§ **What you are asked to do**: Each line of the data that includes "which" must be copied.

Excerpts from a dataset
Lemma frob_mulmx m n p (A : 'M[R]_(m, n)) (B : 'M[R]_(n, p)) :
  frob (A *m B) <= frob A * frob B.
Proof. by rewrite -sqrtrM ?frob2_ge0 // ler_sqrt ?mulr_ge0 ?frob2_ge0 ?frob2_mulmx. Qed.

Lemma sum_frob_col_le m n (A : 'M[R]_(m, n)) :
  \sum_(j < n) frob (col j A) <= Num.sqrt n%:R * frob A.
Proof.
apply: le_trans (sum_le_sqrt_card _) _.
by under eq_bigr do rewrite frob_sqr; rewrite -frob2_col_sum.
Qed.

Variables (sigma : R -> R) (B : R).
Hypothesis B_ge0 : 0 <= B.
Hypothesis sigma_lip : forall z1 z2, `|sigma z1 - sigma z2| <= B * `|z1 - z2|.

Lemma frob_act_sub m n (U C : 'M[R]_(m, n)) :
  frob (act sigma U - act sigma C) <= B * frob (U - C).
Proof.
rewrite /frob -[B]ger0_norm ?B_ge0 // -sqrtr_sqr -sqrtrM ?sqr_ge0 // ler_sqrt;
  last by rewrite mulr_ge0 ?sqr_ge0 ?frob2_ge0.
rewrite /frob2 mulr_sumr; apply: ler_sum => i _.
rewrite mulr_sumr; apply: ler_sum => j _; rewrite !mxE.
rewrite -[_ ^+ 2]real_normK ?num_real // -[(U i j - C i j) ^+ 2]real_normK ?num_real //.
by rewrite -exprMn ler_pXn2r ?nnegrE ?mulr_ge0 ?normr_ge0 ?B_ge0.
Qed.

Lemma frob_mulmx_act_sub m n p (V : 'M[R]_(m, n)) (U C : 'M[R]_(n, p)) :
  frob (V *m (act sigma U - act sigma C)) <= frob V * (B * frob (U - C)).
Proof.
apply: le_trans (frob_mulmx _ _) _.
by rewrite ler_wpM2l ?frob_ge0 ?frob_act_sub.
Qed.

End Frobenius.

Section CrossEntropy.
Variables (R : realType) (J : nat).
Hypothesis J_gt0 : (0 < J)%N.
Implicit Types z a : 'cV[R]_J.

Definition sumexp z : R := \sum_(k < J) expR (z k 0).

Definition softmax z : 'cV[R]_J := \col_k (expR (z k 0) / sumexp z).

Lemma sumexp_gt0 z : 0 < sumexp z.
Proof.
rewrite /sumexp (bigD1 (Ordinal J_gt0)) //= ltr_pwDl ?expR_gt0 //.
by apply: sumr_ge0 => k _; exact: expR_ge0.
Qed.

Lemma softmax_ge0 z k : 0 <= softmax z k 0.
Proof. by rewrite mxE divr_ge0 ?expR_ge0 ?(ltW (sumexp_gt0 z)). Qed.

Lemma softmax_le1 z k : softmax z k 0 <= 1.
Proof.
rewrite mxE ler_pdivrMr ?sumexp_gt0 // mul1r /sumexp (bigD1 k) //= lerDl.
by apply: sumr_ge0 => i _; exact: expR_ge0.
Qed.

Lemma sum_softmax z : \sum_k softmax z k 0 = 1.
Proof.
under eq_bigr do rewrite mxE.
by rewrite -mulr_suml divff // gt_eqF ?sumexp_gt0.
Qed.

Lemma ce_lossE z a : \sum_j a j 0 = 1 ->
  ce_loss z a = ln (sumexp z) - \sum_j a j 0 * z j 0.
Proof.
move=> a1; rewrite /ce_loss -/(sumexp z).
have lnE j : ln (expR (z j 0) / sumexp z) = z j 0 - ln (sumexp z).
  by rewrite lnM ?posrE ?expR_gt0 ?invr_gt0 ?sumexp_gt0 // lnV ?posrE ?sumexp_gt0 // expRK.
under eq_bigr do rewrite lnE mulrBr.
by rewrite sumrB -mulr_suml a1 mul1r opprB.
Qed.

(* Convexity of the log-sum-exp function, whose gradient at z' is softmax z'. *)
Lemma ln_sumexp_ge z z' :
  ln (sumexp z') + \sum_k softmax z' k 0 * (z k 0 - z' k 0) <= ln (sumexp z).
Proof.
set p := fun k => softmax z' k 0; set d := fun k => z k 0 - z' k 0.
set mu := \sum_k p k * d k.
have p1 : \sum_k p k = 1 := sum_softmax z'.
have sumexpE : sumexp z = sumexp z' * \sum_k p k * expR (d k).
  rewrite /sumexp mulr_sumr; apply: eq_bigr => k _.
  have -> : expR (z k 0) = expR (z' k 0) * expR (d k).
    by rewrite -expRD; congr expR; rewrite /d; ring.
  rewrite /p mxE -/(sumexp z'); field.
  by rewrite gt_eqF ?sumexp_gt0.
(* Jensen through the tangent line of expR at mu. *)
have jensen : expR mu <= \sum_k p k * expR (d k).
  have weights1 : \sum_k (p k + p k * d k - mu * p k) = 1.
    by rewrite sumrB big_split /= -mulr_sumr p1 -/mu; ring.
  rewrite -[expR mu]mulr1 -weights1 mulr_sumr; apply: ler_sum => k _.
  have -> : expR mu * (p k + p k * d k - mu * p k) = p k * (expR mu * (1 + (d k - mu))).
    by ring.
  have -> : expR (d k) = expR mu * expR (d k - mu).
    by rewrite -expRD; congr expR; ring.
  by rewrite ler_wpM2l ?softmax_ge0 // ler_wpM2l ?expR_ge0 ?expR_ge1Dx.
rewrite sumexpE lnM ?posrE ?sumexp_gt0 ?(lt_le_trans (expR_gt0 mu) jensen) //.
by rewrite lerD2l -ler_expR lnK ?posrE ?(lt_le_trans (expR_gt0 mu) jensen).
Qed.

Lemma softmax_dist_one_hot z a : one_hot a ->
  \sum_k (softmax z k 0 - a k 0) ^+ 2 <= 2.
Proof.
move=> [a01 a1]; apply: le_trans (_ : \sum_k (softmax z k 0 + a k 0) <= 2).
  apply: ler_sum => k _.
  have := softmax_ge0 z k; have := softmax_le1 z k.
  by case: (a01 k) => ->; nra.
by rewrite big_split /= sum_softmax a1.
Qed.
(** The typing relation  Gamma |- t : tau.
    [Gamma1, Gamma2] is written [Gamma1 `|` Gamma2] together with the
    disjointness presupposition [[disjoint Gamma1 & Gamma2]]. *)
Inductive typ : ctx -> tm -> ty -> Prop :=
  | T_Var (G : ctx) (x : var) :
      x \notin G -> typ (G `|` [fset x]) (fvar x) (vty x)
  | T_Const (G : ctx) (c : const) :
      typ G (cst c) (cty c)
  | T_Abs (G : ctx) (T R : ty) (b : tm) (x : var) :
      vty x = T -> x \notin fv b ->
      typ (G `|` [fset x]) (open b x) R ->
      typ G (abs T b) (TLolli T R)
  | T_App (G1 G2 : ctx) (t s : tm) (T R : ty) :
      [disjoint G1 & G2] ->
      typ G1 t (TLolli T R) -> typ G2 s T ->
      typ (G1 `|` G2) (app t s) R
  | T_Pair (G : ctx) (t s : tm) (T R : ty) :
      typ G t T -> typ G s R -> typ G (pair t s) (TProd T R)
  | T_Fst (G : ctx) (t : tm) (T R : ty) :
      typ G t (TProd T R) -> typ G (app t (cst Ctt)) T
  | T_Snd (G : ctx) (t : tm) (T R : ty) :
      typ G t (TProd T R) -> typ G (app t (cst Cff)) R
  | T_If (G1 G2 : ctx) (t s r : tm) (T : ty) :
      [disjoint G1 & G2] ->
      typ G1 t TB -> typ G2 s T -> typ G2 r T ->
      typ (G1 `|` G2) (app t (pair s r)) T
  | T_TensE (G1 G2 : ctx) (t s : tm) (T R S : ty) (x y : var) :
      [disjoint G1 & G2] ->
      vty x = T -> vty y = R ->
      x \notin G2 -> y \notin G2 `|` [fset x] ->
      x \notin fv s -> y \notin fv s ->
      typ G1 t (TTens T R) ->
      typ (G2 `|` [fset x] `|` [fset y]) (open2 s x y) S ->
      typ (G1 `|` G2) (app t (abs T (abs R s))) S
  | T_ListE (G : ctx) (t s : tm) (T R : ty) :
      typ G t (TL T) ->
      typ fset0 s (TLolli TDia (TLolli T (TLolli R R))) ->
      typ G (app t (brace s)) (TLolli R R).

From HB Require Import structures.
From mathcomp Require Import all_boot finmap.
Set Implicit Arguments.
Unset Strict Implicit.
Unset Printing Implicit Defensive.

Local Open Scope fset_scope.

(* Typing is syntax-directed: at an application [t u] the rule that applies is
   determined by the type of [t], so a partial type-synthesis function computes
   the type of every typable term, which is therefore unique.  Typing is closed
   under enlarging the context, and a derivation can always be restricted to
   the free variables of the term, which every typing context must contain;
   hence [fv t] is the least context. *)

Lemma fsubset_fsetU1_notin (K : choiceType) (A B : {fset K}) x :
  A `<=` B `|` [fset x] -> x \notin A -> A `<=` B.
Proof.
move=> sAB xA; apply: fsubset_trans (_ : (B `|` [fset x]) `\ x `<=` B).
  by rewrite fsubsetD1 sAB.
by rewrite fsubDset fsetUC.
Qed.

Lemma widen_disjoint_fsetUl (K : choiceType) (A B C : {fset K}) :
  [disjoint A & B] -> A `|` B `<=` C ->
  exists A' : {fset K}, [/\ A `<=` A', [disjoint A' & B] & C = A' `|` B].
Proof.
move=> /fdisjointP dAB /fsubsetP sABC; exists (C `\` B); split.
- by apply/fsubsetP => z zA; rewrite in_fsetD dAB //= sABC // in_fsetU zA.
- by apply/fdisjointP => z; rewrite in_fsetD => /andP[].
- apply/fsetP => z; rewrite !inE; case zB: (z \in B); rewrite ?orbT ?orbF //=.
  by rewrite sABC // in_fsetU zB orbT.
Qed.

(* [env] lists the types of the enclosing binders, innermost first, so that
   [bvar n] has type [onth env n].  The two projections have heads of the same
   type and are told apart by the syntax of their argument. *)
Fixpoint infer (env : seq ty) (t : tm) : option ty :=
  match t with
  | bvar n => onth env n
  | fvar x => Some (vty x)
  | cst c => Some (cty c)
  | abs T b => omap (TLolli T) (infer (T :: env) b)
  | pair a b =>
      if (infer env a, infer env b) is (Some A, Some B) then Some (TProd A B)
      else None
  | app a u =>
      match infer env a with
      | Some (TLolli _ B) => Some B
      | Some (TProd A B) => if u is cst Ctt then Some A else Some B
      | Some TB =>
          if infer env u is Some (TProd A _) then Some A else None
      | Some (TTens _ _) =>
          if infer env u is Some (TLolli _ (TLolli _ C)) then Some C else None
      | Some (TL _) =>
          if infer env u is Some (TLolli _ (TLolli _ (TLolli R _)))
          then Some (TLolli R R) else None
      | _ => None
      end
  | brace s => infer env s
  end.

Lemma infer_open_rec b env x :
  infer env (open_rec (size env) (fvar x) b) = infer (rcons env (vty x)) b.
Proof.
elim: b env => [i|y|c|T b IH|a IHa c IHc|a IHa c IHc|a IHa] env //=.
- rewrite -cats1 onth_cat; case: eqP => [->|/eqP ne] /=.
    by rewrite ltnn subnn.
  case: ltnP => // le; rewrite onth_default // onth_default //.
  by rewrite subn_gt0 ltn_neqAle eq_sym ne.
- by rewrite -(IH (T :: env)).
- by rewrite IHa IHc.
- rewrite IHa IHc; case: (infer _ a) => // -[] // A B.
  by case: c {IHc} => [i|y|[]|T b|s r|s r|s] //=; case: eqP.
Qed.

Lemma infer_open b x : infer [::] (open b x) = infer [:: vty x] b.
Proof. exact: (infer_open_rec b [::]). Qed.

Lemma infer_open2 s x y : infer [::] (open2 s x y) = infer [:: vty y; vty x] s.
Proof.
by rewrite /open2 (infer_open_rec _ [::]) (infer_open_rec _ [:: vty y]).
Qed.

§ **Result of the exercise**:
   the type of every typable term, which is therefore unique.  Typing is closed
   the free variables of the term, which every typing context must contain;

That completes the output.